» **PROMPT**
Taking the line that contains "(iterXY A B X0 (Y0 + Crow n c) i).2" as the starting point, give again exactly every line up to and including the last line of the records below.
--- DATA Enclosed Below ---
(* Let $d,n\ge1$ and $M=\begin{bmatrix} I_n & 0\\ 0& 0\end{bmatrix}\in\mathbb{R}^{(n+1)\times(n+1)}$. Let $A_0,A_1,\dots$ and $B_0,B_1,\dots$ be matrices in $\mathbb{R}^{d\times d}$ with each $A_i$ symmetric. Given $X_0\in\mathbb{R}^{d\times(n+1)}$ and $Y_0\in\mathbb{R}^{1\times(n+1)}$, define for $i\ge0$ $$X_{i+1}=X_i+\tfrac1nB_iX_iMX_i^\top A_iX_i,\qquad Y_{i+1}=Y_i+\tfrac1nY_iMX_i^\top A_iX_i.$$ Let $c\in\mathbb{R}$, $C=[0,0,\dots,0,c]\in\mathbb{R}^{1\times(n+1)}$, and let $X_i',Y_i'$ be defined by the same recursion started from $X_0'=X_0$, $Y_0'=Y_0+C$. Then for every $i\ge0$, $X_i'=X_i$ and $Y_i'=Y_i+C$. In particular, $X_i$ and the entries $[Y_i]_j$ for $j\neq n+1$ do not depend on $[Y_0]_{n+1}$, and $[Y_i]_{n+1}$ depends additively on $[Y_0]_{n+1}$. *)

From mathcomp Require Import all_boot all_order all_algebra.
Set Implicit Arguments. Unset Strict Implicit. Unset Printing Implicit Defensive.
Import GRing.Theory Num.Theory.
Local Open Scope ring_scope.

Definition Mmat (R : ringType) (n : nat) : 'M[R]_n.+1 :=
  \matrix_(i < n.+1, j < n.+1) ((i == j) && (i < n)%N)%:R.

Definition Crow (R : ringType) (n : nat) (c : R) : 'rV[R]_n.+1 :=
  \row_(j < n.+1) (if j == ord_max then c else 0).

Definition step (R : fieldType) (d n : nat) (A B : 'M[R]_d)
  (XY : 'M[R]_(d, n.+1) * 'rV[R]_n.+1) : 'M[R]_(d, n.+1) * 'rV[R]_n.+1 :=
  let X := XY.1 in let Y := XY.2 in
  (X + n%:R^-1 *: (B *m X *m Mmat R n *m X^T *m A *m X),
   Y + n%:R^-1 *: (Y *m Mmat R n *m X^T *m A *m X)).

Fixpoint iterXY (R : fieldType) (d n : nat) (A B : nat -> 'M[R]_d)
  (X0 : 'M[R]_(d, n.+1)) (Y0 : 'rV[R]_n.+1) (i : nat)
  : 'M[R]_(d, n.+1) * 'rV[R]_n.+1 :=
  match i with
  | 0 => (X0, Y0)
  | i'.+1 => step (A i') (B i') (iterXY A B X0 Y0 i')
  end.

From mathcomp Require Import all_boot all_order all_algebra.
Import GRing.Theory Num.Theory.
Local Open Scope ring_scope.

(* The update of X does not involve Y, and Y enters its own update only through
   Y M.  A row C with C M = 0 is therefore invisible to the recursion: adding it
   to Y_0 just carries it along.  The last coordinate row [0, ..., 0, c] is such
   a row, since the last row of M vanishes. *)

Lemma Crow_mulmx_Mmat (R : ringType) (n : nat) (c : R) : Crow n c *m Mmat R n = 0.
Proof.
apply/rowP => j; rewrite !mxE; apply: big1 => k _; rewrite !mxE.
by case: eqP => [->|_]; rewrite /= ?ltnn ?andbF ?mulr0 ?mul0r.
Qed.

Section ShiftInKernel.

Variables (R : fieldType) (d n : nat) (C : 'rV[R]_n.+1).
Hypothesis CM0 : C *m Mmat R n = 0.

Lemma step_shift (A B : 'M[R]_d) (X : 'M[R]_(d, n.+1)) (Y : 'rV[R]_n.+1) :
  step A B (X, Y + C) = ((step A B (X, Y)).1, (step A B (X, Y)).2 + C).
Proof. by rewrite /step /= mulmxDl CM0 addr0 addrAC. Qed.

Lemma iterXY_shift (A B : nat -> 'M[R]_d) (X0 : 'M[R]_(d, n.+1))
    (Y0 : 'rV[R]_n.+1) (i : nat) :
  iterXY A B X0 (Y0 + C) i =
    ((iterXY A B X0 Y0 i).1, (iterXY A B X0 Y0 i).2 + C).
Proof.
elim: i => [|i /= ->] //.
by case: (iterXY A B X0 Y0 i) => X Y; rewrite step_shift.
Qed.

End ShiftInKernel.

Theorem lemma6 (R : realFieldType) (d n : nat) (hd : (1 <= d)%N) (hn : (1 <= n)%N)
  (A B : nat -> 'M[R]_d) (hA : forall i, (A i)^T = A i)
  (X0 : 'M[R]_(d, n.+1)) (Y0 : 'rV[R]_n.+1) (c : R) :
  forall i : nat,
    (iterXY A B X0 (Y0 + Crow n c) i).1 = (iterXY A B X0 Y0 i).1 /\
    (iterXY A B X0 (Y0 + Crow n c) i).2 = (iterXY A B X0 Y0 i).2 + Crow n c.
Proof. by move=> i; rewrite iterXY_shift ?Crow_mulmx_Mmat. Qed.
--- End of Enclosed DATA ---
» **TASK OUTPUT**
    (iterXY A B X0 (Y0 + Crow n c) i).2 = (iterXY A B X0 Y0 i).2 + Crow n c.
Proof. by move=> i; rewrite iterXY_shift ?Crow_mulmx_Mmat. Qed.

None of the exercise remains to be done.